§ WORK TASK
Each entry below should be retyped exactly, with nothing omitted.
┌────────
(* For all integers $n,d,p\ge 0$, $$P_p(n,\omega^d)=\begin{cases}0 & d=0,\ n\ge 2\\ 1 & n=0,\ p=0\\ 0 & n=0,\ p\ge 1\\ 1 & d=0,\ n=1,\ p=0\\ 0 & d=0,\ n=1,\ p\ge 1\\ 1 & d=1,\ n\ge 1,\ n=p\\ 0 & d=1,\ n\ge1,\ n\ne p\\ 0 & d\ge 2,\ n\ge 1,\ p=0\\ \displaystyle\sum_{j=1}^{n}\sum_{i=0}^{p-1}\binom{p-1}{i}P_i(j,\omega^{d-1})\,P_{p-1-i}(n-j,\omega^{d}) & d\ge2,\ n\ge1,\ p\ge1.\end{cases}$$
   Context: Coloring rules. Fix integers $n,d,k\ge 0$. Every ordinal $\beta<\omega^d\cdot k$ is uniquely written $\beta=\omega^d\cdot b+\omega^{d-1}a_{d-1}+\cdots+\omega a_1+a_0$ with $0\le b<k$ and $a_j\in\mathbb{N}$. A coloring rule (CR) on $\binom{\omega^d\cdot k}{n}$ is a pair $(\mathcal{Y},\preceq)$ where $\mathcal{Y}:\{1,\dots,n\}\to\{0,\dots,k-1\}$ (one writes $b_i=\mathcal{Y}(i)$) and $\preceq$ is a total preorder on the index set $I=\{(i,j):1\le i\le n,\ 0\le j<d\}$ (one thinks of $(i,j)$ as a variable $a_{i,j}$; write $(i,j)\equiv(i',j')$ if both $(i,j)\preceq(i',j')$ and $(i',j')\preceq(i,j)$, and $(i,j)\prec(i',j')$ if $(i,j)\preceq(i',j')$ but not $(i',j')\preceq(i,j)$), satisfying: (1) if $d\ge1$ then $(i,0)\prec(i',0)$ whenever $i<i'$; if $d=0$ then $\mathcal{Y}(i)<\mathcal{Y}(i')$ whenever $i<i'$; (2) if $(i,j)\equiv(i',j)$ for some $j$, then $\mathcal{Y}(i)=\mathcal{Y}(i')$; (3) $(i,j)\prec(i,j')$ whenever $j>j'$; (4) $(i,j)\equiv(i',j')$ implies $j=j'$; (5) for $j>0$, if $(i,j)\not\equiv(i',j)$ then $(i,j-1)\not\equiv(i',j-1)$. The size of a CR is the number of $\equiv$-equivalence classes of $I$. $P_p(n,\omega^d\cdot k)$ denotes the number of CRs of size $p$ on $\binom{\omega^d\cdot k}{n}$, and $P_p(n,\omega^d)$ means $P_p(n,\omega^d\cdot 1)$ (so all $b_i=0$). *)

From mathcomp Require Import all_boot.
Set Implicit Arguments. Unset Strict Implicit. Unset Printing Implicit Defensive.

(* Index set I = {(i,j) : 1 <= i <= n, 0 <= j < d}, with i shifted to 'I_n
   (i.e. 0-based, order preserved). *)
Definition CRidx (n d : nat) : finType := ('I_n * 'I_d)%type.

(* Candidate data: Y : {1..n} -> {0..k-1} and a binary relation (the preorder)
   on the index set, given as a finite boolean function on pairs. *)
Definition CRdata (n d k : nat) : finType :=
  ({ffun 'I_n -> 'I_k} * {ffun (CRidx n d * CRidx n d) -> bool})%type.

Section CR.
Variables (n d k : nat).
Implicit Types (c : CRdata n d k).

Definition crY c : 'I_n -> 'I_k := c.1.
Definition crle c (x y : CRidx n d) : bool := c.2 (x, y).
Definition crequiv c x y := crle c x y && crle c y x.
Definition crlt c x y := crle c x y && ~~ crle c y x.

Definition is_total_preorder c : bool :=
  [forall x, forall y, crle c x y || crle c y x] &&
  [forall x, forall y, forall z, crle c x y && crle c y z ==> crle c x z].

Definition cond1 c : bool :=
  if 0 < d then
    [forall i : 'I_n, forall i' : 'I_n, forall j : 'I_d,
       (val j == 0) && (i < i') ==> crlt c (i, j) (i', j)]
  else
    [forall i : 'I_n, forall i' : 'I_n, (i < i') ==> (crY c i < crY c i')].

Definition cond2 c : bool :=
  [forall i : 'I_n, forall i' : 'I_n, forall j : 'I_d,
     crequiv c (i, j) (i', j) ==> (crY c i == crY c i')].

Definition cond3 c : bool :=
  [forall i : 'I_n, forall j : 'I_d, forall j' : 'I_d,
     (j' < j) ==> crlt c (i, j) (i, j')].

Definition cond4 c : bool :=
  [forall i : 'I_n, forall i' : 'I_n, forall j : 'I_d, forall j' : 'I_d,
     crequiv c (i, j) (i', j') ==> (j == j')].

Definition cond5 c : bool :=
  [forall i : 'I_n, forall i' : 'I_n, forall j : 'I_d, forall j' : 'I_d,
     (val j == (val j').+1) && ~~ crequiv c (i, j) (i', j)
       ==> ~~ crequiv c (i, j') (i', j')].

Definition is_CR c : bool :=
  [&& is_total_preorder c, cond1 c, cond2 c, cond3 c, cond4 c & cond5 c].

Definition CRsize c : nat :=
  #|[set [set y | crequiv c x y] | x : CRidx n d]|.

End CR.

(* P_p(n, omega^d * k) *)
Definition Pcount (p n d k : nat) : nat :=
  #|[set c : CRdata n d k | is_CR c & CRsize c == p]|.

Definition P (p n d : nat) : nat := Pcount p n d 1.

From mathcomp Require Import all_boot.
Set Implicit Arguments. Unset Strict Implicit. Unset Printing Implicit Defensive.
└────────
§ WRITTEN ANSWER
(* For all integers $n,d,p\ge 0$, $$P_p(n,\omega^d)=\begin{cases}0 & d=0,\ n\ge 2\\ 1 & n=0,\ p=0\\ 0 & n=0,\ p\ge 1\\ 1 & d=0,\ n=1,\ p=0\\ 0 & d=0,\ n=1,\ p\ge 1\\ 1 & d=1,\ n\ge 1,\ n=p\\ 0 & d=1,\ n\ge1,\ n\ne p\\ 0 & d\ge 2,\ n\ge 1,\ p=0\\ \displaystyle\sum_{j=1}^{n}\sum_{i=0}^{p-1}\binom{p-1}{i}P_i(j,\omega^{d-1})\,P_{p-1-i}(n-j,\omega^{d}) & d\ge2,\ n\ge1,\ p\ge1.\end{cases}$$
   Context: Coloring rules. Fix integers $n,d,k\ge 0$. Every ordinal $\beta<\omega^d\cdot k$ is uniquely written $\beta=\omega^d\cdot b+\omega^{d-1}a_{d-1}+\cdots+\omega a_1+a_0$ with $0\le b<k$ and $a_j\in\mathbb{N}$. A coloring rule (CR) on $\binom{\omega^d\cdot k}{n}$ is a pair $(\mathcal{Y},\preceq)$ where $\mathcal{Y}:\{1,\dots,n\}\to\{0,\dots,k-1\}$ (one writes $b_i=\mathcal{Y}(i)$) and $\preceq$ is a total preorder on the index set $I=\{(i,j):1\le i\le n,\ 0\le j<d\}$ (one thinks of $(i,j)$ as a variable $a_{i,j}$; write $(i,j)\equiv(i',j')$ if both $(i,j)\preceq(i',j')$ and $(i',j')\preceq(i,j)$, and $(i,j)\prec(i',j')$ if $(i,j)\preceq(i',j')$ but not $(i',j')\preceq(i,j)$), satisfying: (1) if $d\ge1$ then $(i,0)\prec(i',0)$ whenever $i<i'$; if $d=0$ then $\mathcal{Y}(i)<\mathcal{Y}(i')$ whenever $i<i'$; (2) if $(i,j)\equiv(i',j)$ for some $j$, then $\mathcal{Y}(i)=\mathcal{Y}(i')$; (3) $(i,j)\prec(i,j')$ whenever $j>j'$; (4) $(i,j)\equiv(i',j')$ implies $j=j'$; (5) for $j>0$, if $(i,j)\not\equiv(i',j)$ then $(i,j-1)\not\equiv(i',j-1)$. The size of a CR is the number of $\equiv$-equivalence classes of $I$. $P_p(n,\omega^d\cdot k)$ denotes the number of CRs of size $p$ on $\binom{\omega^d\cdot k}{n}$, and $P_p(n,\omega^d)$ means $P_p(n,\omega^d\cdot 1)$ (so all $b_i=0$). *)

From mathcomp Require Import all_boot.
Set Implicit Arguments. Unset Strict Implicit. Unset Printing Implicit Defensive.

(* Index set I = {(i,j) : 1 <= i <= n, 0 <= j < d}, with i shifted to 'I_n
   (i.e. 0-based, order preserved). *)
Definition CRidx (n d : nat) : finType := ('I_n * 'I_d)%type.

(* Candidate data: Y : {1..n} -> {0..k-1} and a binary relation (the preorder)
   on the index set, given as a finite boolean function on pairs. *)
Definition CRdata (n d k : nat) : finType :=
  ({ffun 'I_n -> 'I_k} * {ffun (CRidx n d * CRidx n d) -> bool})%type.

Section CR.
Variables (n d k : nat).
Implicit Types (c : CRdata n d k).

Definition crY c : 'I_n -> 'I_k := c.1.
Definition crle c (x y : CRidx n d) : bool := c.2 (x, y).
Definition crequiv c x y := crle c x y && crle c y x.
Definition crlt c x y := crle c x y && ~~ crle c y x.

Definition is_total_preorder c : bool :=
  [forall x, forall y, crle c x y || crle c y x] &&
  [forall x, forall y, forall z, crle c x y && crle c y z ==> crle c x z].

Definition cond1 c : bool :=
  if 0 < d then
    [forall i : 'I_n, forall i' : 'I_n, forall j : 'I_d,
       (val j == 0) && (i < i') ==> crlt c (i, j) (i', j)]
  else
    [forall i : 'I_n, forall i' : 'I_n, (i < i') ==> (crY c i < crY c i')].

Definition cond2 c : bool :=
  [forall i : 'I_n, forall i' : 'I_n, forall j : 'I_d,
     crequiv c (i, j) (i', j) ==> (crY c i == crY c i')].

Definition cond3 c : bool :=
  [forall i : 'I_n, forall j : 'I_d, forall j' : 'I_d,
     (j' < j) ==> crlt c (i, j) (i, j')].

Definition cond4 c : bool :=
  [forall i : 'I_n, forall i' : 'I_n, forall j : 'I_d, forall j' : 'I_d,
     crequiv c (i, j) (i', j') ==> (j == j')].

Definition cond5 c : bool :=
  [forall i : 'I_n, forall i' : 'I_n, forall j : 'I_d, forall j' : 'I_d,
     (val j == (val j').+1) && ~~ crequiv c (i, j) (i', j)
       ==> ~~ crequiv c (i, j') (i', j')].

Definition is_CR c : bool :=
  [&& is_total_preorder c, cond1 c, cond2 c, cond3 c, cond4 c & cond5 c].

Definition CRsize c : nat :=
  #|[set [set y | crequiv c x y] | x : CRidx n d]|.

End CR.

(* P_p(n, omega^d * k) *)
Definition Pcount (p n d k : nat) : nat :=
  #|[set c : CRdata n d k | is_CR c & CRsize c == p]|.

Definition P (p n d : nat) : nat := Pcount p n d 1.

From mathcomp Require Import all_boot.
Set Implicit Arguments. Unset Strict Implicit. Unset Printing Implicit Defensive.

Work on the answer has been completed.